New Zealand fashion magazine

Fashion Quarterly (stylised in all caps), is a New Zealand quarterly fashion magazine. It has been published in New Zealand since 1980. The publication once boasted a readership of over one million.

== Background ==
Fashion Quarterly is a New Zealand fashion magazine founded in 1980 by Paula Ryan and Don Hope as Fashion (till late 1982, then as Fashion in New Zealand/Fashion till 1986, as Fashion Quarterly since 1986), it is the oldest fashion magazine of New Zealand origin in publication.

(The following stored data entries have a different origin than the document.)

(* Let $\mathcal P$ be a set of pre-tangles in a graph $G$, let $N$ be a nested set of separations of $G$ which efficiently distinguishes $\mathcal P$, and let $(\vec s_i)_{i\in\mathbb N}$ be a strictly increasing sequence of orientations of separations in $N$. If $(\vec s_i)_i$ is strongly $\mathcal P$-relevant, then there is a sequence $(P_i)_{i\in\mathbb N}$ in $\mathcal P$ such that for all $i\in\mathbb N$: $\overleftarrow{s}_i\in P_i$, $\vec s_i\in P_{i+1}$, and $s_i$ efficiently distinguishes $P_i$ and $P_{i+1}$.
   Context: Notation: $s$ denotes a separation (an unordered pair $\{A,B\}$ of subsets of $V(G)$ with $A\cup B=V(G)$ and no edge between $A\setminus B$ and $B\setminus A$; order $|s|=|A\cap B|$), $\vec s,\overleftarrow{s}$ its two orientations; oriented separations are ordered by $(A,B)\le(C,D)$ iff $A\subseteq C$ and $B\supseteq D$. Nested: some orientations comparable. A set $O$ of oriented separations is consistent if there are no $(A,B),(C,D)\in O$ with $\{A,B\}\ne\{C,D\}$ and $(B,A)\le(C,D)$. A pre-tangle is a consistent set $P$ which, for some $k\in\mathbb N\cup\{\aleph_0\}$, contains exactly one orientation of every separation of order $<k$ and nothing else. A separation distinguishes two pre-tangles if both contain an orientation of it but different ones; efficiently if of minimum order among such. $N$ efficiently distinguishes $\mathcal P$ if any two pre-tangles in $\mathcal P$ distinguished by some separation are efficiently distinguished by an element of $N$. A pair $\vec s<\vec t$ is strongly $\mathcal P$-relevant if there are $O,P,Q\in\mathcal P$ such that $s$ efficiently distinguishes $O$ and $P$ with $\vec s\in P$, and $t$ efficiently distinguishes $P$ and $Q$ with $\overleftarrow{t}\in P$. A strictly increasing sequence $(\vec s_i)$ is strongly $\mathcal P$-relevant if each pair $\vec s_i<\vec s_{i+1}$ is. *)

From Stdlib Require Import List Arith.
Import ListNotations.

Section Seps.
Context {V : Type} (adj : V -> V -> Prop).

(* An oriented separation (A,B); the separation {A,B} is represented by
   either of its orientations. *)
Definition osep : Type := ((V -> Prop) * (V -> Prop))%type.

Definition swap (r : osep) : osep := (snd r, fst r).

Definition is_sep (r : osep) : Prop :=
  (forall v, fst r v \/ snd r v) /\
  (forall u v, fst r u -> ~ snd r u -> snd r v -> ~ fst r v ->
     ~ adj u v /\ ~ adj v u).

Definition has_order (r : osep) (n : nat) : Prop :=
  exists l : list V, length l = n /\ NoDup l /\ (forall x, In x l <-> (fst r x /\ snd r x)).

(* order < k, for k ∈ ℕ ∪ {ℵ0}, with None standing for ℵ0. *)
Definition order_lt (r : osep) (k : option nat) : Prop :=
  exists n, has_order r n /\
    match k with Some m => n < m | None => True end.

Definition same_sep (r t : osep) : Prop := t = r \/ t = swap r.

Definition ole (r t : osep) : Prop :=
  (forall v, fst r v -> fst t v) /\ (forall v, snd t v -> snd r v).

Definition olt (r t : osep) : Prop := ole r t /\ r <> t.

Definition nested_pair (r t : osep) : Prop :=
  ole r t \/ ole r (swap t) \/ ole (swap r) t \/ ole (swap r) (swap t).

Definition consistent (O : osep -> Prop) : Prop :=
  forall r t, O r -> O t -> ~ same_sep r t -> ~ ole (swap r) t.

Definition pretangle (P : osep -> Prop) : Prop :=
  consistent P /\
  exists k : option nat,
    (forall r, P r -> is_sep r /\ order_lt r k) /\
    (forall r, is_sep r -> order_lt r k ->
       (P r \/ P (swap r)) /\ (P r -> P (swap r) -> r = swap r)).

Definition distinguishes (r : osep) (P Q : osep -> Prop) : Prop :=
  is_sep r /\ r <> swap r /\
  ((P r /\ Q (swap r)) \/ (P (swap r) /\ Q r)).

Definition eff_distinguishes (r : osep) (P Q : osep -> Prop) : Prop :=
  distinguishes r P Q /\
  exists n, has_order r n /\
    (forall t m, distinguishes t P Q -> has_order t m -> n <= m).

(* N is given as a set of oriented separations; the separation of r lies in
   N iff r or its inverse is in N. *)
Definition sep_in (N : osep -> Prop) (r : osep) : Prop := N r \/ N (swap r).

Definition nested_set (N : osep -> Prop) : Prop :=
  (forall r, N r -> is_sep r) /\
  (forall r t, N r -> N t -> nested_pair r t).

Definition eff_dist_set (N : osep -> Prop) (PP : (osep -> Prop) -> Prop) : Prop :=
  forall P Q, PP P -> PP Q -> (exists t, distinguishes t P Q) ->
    exists r, sep_in N r /\ eff_distinguishes r P Q.

Definition strongly_relevant_pair (PP : (osep -> Prop) -> Prop) (r t : osep) : Prop :=
  olt r t /\
  exists O P Q, PP O /\ PP P /\ PP Q /\
    eff_distinguishes r O P /\ P r /\
    eff_distinguishes t P Q /\ P (swap t).

Definition strictly_increasing (s : nat -> osep) : Prop :=
  forall i j, i < j -> olt (s i) (s j).

Definition strongly_relevant_seq (PP : (osep -> Prop) -> Prop) (s : nat -> osep) : Prop :=
  strictly_increasing s /\
  forall i, strongly_relevant_pair PP (s i) (s (S i)).

End Seps.
Lemma is_lim_seq_probe_mul_ln : is_lim_seq (fun n => probe n * ln (2 * PI * probe n)) 0.
Proof.
  apply (is_lim_seq_0_of_le_inv _ 1). intros n. pose proof PI2_3_2 as HPI.
  destruct (probe_bounds n) as [[Hp _] _].
  set (m := INR (S (S n))).
  assert (Hm : INR (S n) + 1 = m) by (unfold m; rewrite (S_INR (S n)); ring).
  assert (Hm1 : 1 <= INR (S n)) by (apply (le_INR 1); lia).
  rewrite two_PI_probe. fold m.
  assert (Hlog : ln (/ m ^ 2) = - (2 * ln m))
    by (rewrite ln_Rinv, ln_pow by (try apply pow_lt; lra); simpl; ring).
  assert (Hln0 : 0 <= ln m) by (rewrite <- ln_1; apply ln_le; lra).
  assert (Hln : ln m <= m) by (pose proof (ln_le_sub1 m ltac:(lra)); lra).
  rewrite Hlog, Rabs_mult, Rabs_Ropp, (Rabs_pos_eq (probe n)), (Rabs_pos_eq (2 * ln m)) by lra.
  unfold probe. fold m.
  apply Rle_trans with (/ (2 * PI * m ^ 2) * (2 * m)).
  - apply Rmult_le_compat_l; [apply Rlt_le, Rinv_0_lt_compat; simpl; nra | lra].
  - replace (/ (2 * PI * m ^ 2) * (2 * m)) with (/ (PI * m)) by (field; lra).
    unfold Rdiv. rewrite Rmult_1_l. apply Rinv_le_contravar; [lra | nra].
Qed.

Lemma zeta_T_eq_closed_open x : 0 < x < 1 -> zeta_T x = zeta_T_closed x.
Proof.
  pose proof PI_RGT_0 as HPI.
  set (f := fun y => zeta_T y - zeta_T_closed y).
  intros Hx. enough (f x = 0) by (unfold f in *; lra).
  apply (eq0_of_derive0_of_is_lim_seq f probe); [| intros n; apply probe_bounds | | exact Hx].
  - intros y Hy.
    assert (Hlog : is_derive (fun t => t * ln (2 * PI * t) - t) y (ln (2 * PI * y)))
      by (auto_derive; [nra | field; nra]).
    assert (D : is_derive f y (zeta_T' y - (ln (2 * PI * y)
                                            + 2 * PI * - ln (2 * sin (PI * y)) * / (2 * PI))))
      by exact (is_derive_minus _ _ _ _ _ (is_derive_zeta_T y ltac:(lra))
                  (is_derive_plus _ _ _ _ _ Hlog
                     (is_derive_scal_l _ _ _ (/ (2 * PI)) (is_derive_Cl2_scaled y Hy)))).
    rewrite zeta_T'_eq in D by exact Hy.
    replace 0 with (ln (2 * PI * y) - ln (2 * sin (PI * y))
                    - (ln (2 * PI * y) + 2 * PI * - ln (2 * sin (PI * y)) * / (2 * PI)))
      by (field; lra).
    exact D.
  - replace (Finite 0) with (Finite (0 - (0 - 0 + 0 / (2 * PI)))) by (f_equal; field; lra).
    apply is_lim_seq_minus'.
    + rewrite <- zeta_T_0. apply (is_lim_seq_continuous zeta_T probe 0); [|apply is_lim_seq_probe].
      apply (is_derive_continuity_pt _ _ _ (is_derive_zeta_T 0 ltac:(lra))).
    + apply is_lim_seq_plus';
        [apply is_lim_seq_minus'; [apply is_lim_seq_probe_mul_ln | apply is_lim_seq_probe]|].
      apply (is_lim_seq_scal_r _ (/ (2 * PI)) 0).
      replace 0 with (Cl2 (2 * PI * 0)) by (rewrite Rmult_0_r; apply Cl2_0).
      apply (is_lim_seq_continuous (fun t => Cl2 (2 * PI * t)) probe 0);
        [apply continuity_pt_Cl2_scaled | apply is_lim_seq_probe].
Qed.

Lemma continuity_pt_zeta_T_closed_1 : continuity_pt zeta_T_closed 1.
Proof.
  pose proof PI_RGT_0.
  apply (continuity_pt_ext (plus_fct (fun y => y * ln (2 * PI * y) - y)
                              (mult_fct (fun y => Cl2 (2 * PI * y)) (fct_cte (/ (2 * PI))))));
    [intros y; reflexivity|].
  apply continuity_pt_plus.
  - eapply is_derive_continuity_pt. auto_derive; [nra | reflexivity].
  - apply continuity_pt_mult; [apply continuity_pt_Cl2_scaled | apply continuity_pt_const].
    intros a b. reflexivity.
Qed.

Lemma zeta_T_eq_closed x : 0 < x <= 1 -> zeta_T x = zeta_T_closed x.
Proof.
  intros Hx. destruct (Req_dec x 1) as [->|Hx1]; [|apply zeta_T_eq_closed_open; lra].
  set (y := fun n => 1 - probe n).
  assert (Hy : forall n, 0 < y n < 1)
    by (intros n; destruct (probe_bounds n) as [Hp _]; unfold y; lra).
  assert (Hlim : is_lim_seq y 1).
  { replace (Finite 1) with (Rbar_minus 1 0) by (simpl; f_equal; ring).
    apply is_lim_seq_minus'; [apply is_lim_seq_const | apply is_lim_seq_probe]. }
  assert (HT : is_lim_seq (fun n => zeta_T (y n)) (zeta_T 1)).
  { apply (is_lim_seq_Series_within zeta_T_term (fun k => zeta_even 0 * / INR (S k) ^ 2)
             (fun t => Rabs t <= 1)).
    - intros k t Ht. now apply Rabs_zeta_T_term_le_inv_sq.
    - apply (@ex_series_scal_l R_AbsRing R_NormedModule), ex_series_inv_sq.
    - intros k. eapply is_derive_continuity_pt, is_derive_zeta_T_term.
    - rewrite Rabs_R1. lra.
    - intros n. apply Rabs_le. specialize (Hy n). lra.
    - exact Hlim. }
  assert (Hclosed : is_lim_seq (fun n => zeta_T (y n)) (zeta_T_closed 1)).
  { apply (is_lim_seq_ext (fun n => zeta_T_closed (y n))).
    - intros n. symmetry. apply zeta_T_eq_closed_open, Hy.
    - apply (is_lim_seq_continuous zeta_T_closed y 1 continuity_pt_zeta_T_closed_1 Hlim). }
  apply is_lim_seq_unique in HT. apply is_lim_seq_unique in Hclosed.
  rewrite HT in Hclosed. now injection Hclosed.
Qed.

Lemma is_series_zeta_even_pow x : 0 < Rabs x <= 1 ->
  is_series (fun k => zeta_even k * x ^ (2 * k + 2) / (INR (S k) * (2 * INR (S k) + 1)))
    (ln (2 * PI * Rabs x) - 1 + Cl2 (2 * PI * x) / (2 * PI * x)).
Proof.
  assert (Hpos : forall y, 0 < y <= 1 ->
            is_series (fun k => zeta_even k * y ^ (2 * k + 2) / (INR (S k) * (2 * INR (S k) + 1)))
              (ln (2 * PI * y) - 1 + Cl2 (2 * PI * y) / (2 * PI * y))).
  { intros y Hy. pose proof PI_RGT_0.
    replace (ln (2 * PI * y) - 1 + Cl2 (2 * PI * y) / (2 * PI * y)) with (/ y * zeta_T y)
      by (rewrite zeta_T_eq_closed by lra; unfold zeta_T_closed; field; lra).
    apply (is_series_ext_R (fun k => / y * zeta_T_term k y)).
    - intros k. unfold zeta_T_term. replace (2 * k + 3)%nat with (S (2 * k + 2)) by lia.
      simpl pow. pose proof (lt_0_INR (S k) (Nat.lt_0_succ k)). field. split; lra.
    - apply (@is_series_scal_l R_AbsRing R_NormedModule), Series_correct.
      apply (@ex_series_le R_AbsRing R_CompleteNormedModule _
               (fun k => zeta_even 0 * / INR (S k) ^ 2)).
      + intros k. apply Rabs_zeta_T_term_le_inv_sq. rewrite Rabs_pos_eq; lra.
      + apply (@ex_series_scal_l R_AbsRing R_NormedModule), ex_series_inv_sq. }
  intros Hx. pose proof PI_RGT_0. destruct (Rle_dec 0 x).
  - rewrite Rabs_pos_eq in * by lra. now apply Hpos.
  - rewrite Rabs_left in * by lra.
    replace (Cl2 (2 * PI * x) / (2 * PI * x)) with (Cl2 (2 * PI * - x) / (2 * PI * - x))
      by (rewrite <- Ropp_mult_distr_r, Cl2_opp; field; lra).
    apply (is_series_ext_R
             (fun k => zeta_even k * (- x) ^ (2 * k + 2) / (INR (S k) * (2 * INR (S k) + 1)))).
    + intros k. replace (2 * k + 2)%nat with (2 * (k + 1))%nat by lia.
      rewrite !pow_mult. replace ((- x) ^ 2) with (x ^ 2) by ring. reflexivity.
    + apply Hpos. lra.
Qed.

(** * Fibonacci and Lucas numbers *)

Lemma sqrt5_sq : sqrt 5 * sqrt 5 = 5.
Proof. apply sqrt_sqrt. lra. Qed.

Lemma sqrt5_gt1 : 1 < sqrt 5.
Proof. pose proof sqrt5_sq. pose proof (sqrt_pos 5). nra. Qed.

Lemma alpha_gt1 : 1 < alpha.
Proof. pose proof sqrt5_gt1. unfold alpha. lra. Qed.

Lemma alpha_mul_beta : alpha * beta = -1.
Proof. pose proof sqrt5_sq. unfold alpha, beta. nra. Qed.

Lemma beta_eq : beta = - / alpha.
Proof.
  pose proof alpha_gt1. pose proof alpha_mul_beta.
  apply (Rmult_eq_reg_l alpha); [|lra]. rewrite Ropp_mult_distr_r_reverse, Rinv_r; lra.
Qed.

The magazine is a quarterly publication, published six times per year for autumn, winter, spring, and summer.

=== Editors ===

| Editor-in-Chief | Start year | End year |
|---|---|---|
| Paula Ryan | 1980 | 1996 |
| Christina Sayers Wickstead | 1996 | 2000 |
| Leonie Barlow | 2000 | 2007 |
| Jane Binsley | 2006 | 2006 |
| Melissa Williams King | 2007 | 2008 |
| Fiona Hawtin | 2008 | 2015 |
| Sally-Ann Mullin | 2015 | 2018 |
| Zoe Walker Ahwa | 2019 | 2020 |
| Nicole Saunders | 2020 | 2022 |
| Sarah Murray | 2022 | present |

== History ==
In 1980, Paula Ryan and Don Hope founded Fashion. Inspired by the lack of a dedicated magazine for New Zealand fashion following the closure of Vogue New Zealand in 1968, it began publication with 75,000 copies distributed for free via letterbox drop in Christchurch.

Separate editions were launched for Auckland, Wellington, and Dunedin/Invercargill and circulation would rise to 300,000 before merging to form Fashion New Zealand in 1982. The magazine was now sold on newsstands across the country.

In 1986, the magazine rebranded to Fashion Quarterly, following a move from a bi-annual to quarterly print schedule. In 1987, the magazine would move its offices from Christchurch to Auckland.

Fashion Quarterly was sold to the Australian Consolidated Press (APC) in 1990. APC was later sold to the Bauer Media Group.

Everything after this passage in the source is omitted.